Most Gwap cultures divide up the local year in one of two ways. Some divide it into 22 named twelvedays and a special holiday season that is 9 days long except every fourth year when it is 10 days long. Others divide it into 12,”months,” nine of them 23 days long and 3 of them 22 days long, with a special carnival day every fourth year.
Spacial measurement is a bit more complicated. For large distances the standard is the distance the most common local beast of burden(called the wog) can travel in a local day. They’re a bit slower moving than an Earth horse, but they can maintain a pace of about 8km/hr throughout the daylight period without needing rest, so a,”day’s travel,” comes to about 95km(say 92-98km in practice, local mapping practices aren’t up to more precision than that, anyway). A 1728th part of a day’s travel would be about 55m(a mazwa), and a 144th part of that would be about 38cm(called a minot). By coincidence, a particularly tall Gwap can be around 152cm in height, making it seem to be a good standard of comparison. In practice, the average Gwap is around 144cm in height, so the measure tends to come up a bit short, about 36cm. A typical Gwap can jump about 190cm in a single hop, which leads to a parallel unit of length measure used pretty much only in athletic competitions of the yawm(about 1.3cm).

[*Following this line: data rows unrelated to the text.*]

Lemma expect_near : Rabs (expect p g - a) <= L.
Proof.
have -> : expect p g - a = expect p (fun y => g y - a).
  by rewrite (expectD _ g (fun _ => - a)) expect_cst.
apply: Rabs_le; split.
- rewrite -[X in X <= _](expect_cst (- L)); apply: expect_le_supp (proj1 Hp) _ => y /Hnear.
  by move/Rabs_le_inv; lra.
- rewrite -[X in _ <= X](expect_cst L); apply: expect_le_supp (proj1 Hp) _ => y /Hnear.
  by move/Rabs_le_inv; lra.
Qed.

Lemma expect_variance_le : expect p (fun y => (g y - expect p g)^2) <= L^2.
Proof.
set mu := expect p g.
(* the mean minimizes the quadratic deviation: [E (g - a)^2 = E (g - mu)^2 + (mu - a)^2] *)
have Hshift : expect p (fun y => (g y - a)^2) =
    expect p (fun y => (g y - mu)^2) + (mu - a)^2.
{ rewrite -[in RHS](expect_cst ((mu - a)^2)) -expectD.
  have -> : expect p (fun y => (g y - a)^2) =
    expect p (fun y => (g y - mu)^2 + (mu - a)^2) + 2 * (mu - a) * expect p (fun y => g y - mu).
  { rewrite -expectZ -expectD; apply: rsum_ext => y; ring. }
  by rewrite expect_center; ring. }
have HL2 : expect p (fun y => (g y - a)^2) <= L^2.
{ rewrite -[X in _ <= X](expect_cst (L^2)).
  by apply: expect_le_supp (proj1 Hp) _ => y /Hnear /Rabs_le_inv H; nra. }
have := pow2_ge_0 (mu - a); lra.
Qed.

Lemma expect_exp_le (lam : R) : 0 <= lam -> lam * L <= 4/7 ->
  expect p (fun y => exp (lam * g y)) <= exp (lam * expect p g + 7/4 * lam^2 * L^2).
Proof.
move=> Hlam HlamL.
have Hmu := expect_near.
set mu := expect p g in Hmu *; set c := 7/4 * lam^2.
have Hpt : forall y, p y <> 0 ->
    exp (lam * g y) <= exp (lam * mu) * (1 + lam * (g y - mu) + c * (g y - mu)^2).
{ move=> y /Hnear Hy.
  have Hgm : Rabs (g y - mu) <= 2 * L.
  { have := Rabs_triang (g y - a) (a - mu); rewrite Rabs_minus_sym in Hmu.
    have -> : g y - a + (a - mu) = g y - mu by ring.
    lra. }
  have Hz : Rabs (lam * (g y - mu)) <= 8/7.
  { rewrite Rabs_mult Rabs_pos_eq //.
    have := Rmult_le_compat_l lam _ _ Hlam Hgm; lra. }
  have -> : lam * g y = lam * mu + lam * (g y - mu) by ring.
  rewrite exp_plus; apply: Rmult_le_compat_l; first by left; apply: exp_pos.
  have -> : c * (g y - mu)^2 = 7/4 * (lam * (g y - mu))^2 by rewrite /c; ring.
  exact: exp_le_quadratic. }
apply: Rle_trans (expect_le_supp (proj1 Hp) Hpt) _.
rewrite expectZ (expectD _ _ (fun y => c * (g y - mu)^2)) (expectD _ (fun _ => 1)).
rewrite !expectZ expect_cst expect_center exp_plus.
apply: Rmult_le_compat_l; first by left; apply: exp_pos.
have := exp_ineq1_le (c * L^2); have := expect_variance_le.
have : 0 <= c by rewrite /c; nra.
rewrite /c -/mu; nra.
Qed.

Mass or weight measurement is surprisingly rationalized to the measures of time and length. It is based on the weight of water contained in a cylindrical barrel one minot(36cm) high by one minot in diameter(in practice, about 35-40kg or 288-330N, depending on the locally-preferred minot).
Areas of land are typically measured in square mazwa parcels(hagama, 3025m2 or 3/4 acre), while bolts of cloth are measured in square minots(ela minot, 1296cm2). Beyond that, there are few other common measurements.
For something that started out as a bit of idle thought while working on other things, and only fleshed out with the most basic of world information, this was rather a lot of detail. Now to learning more about the Gwaps, themselves and their world.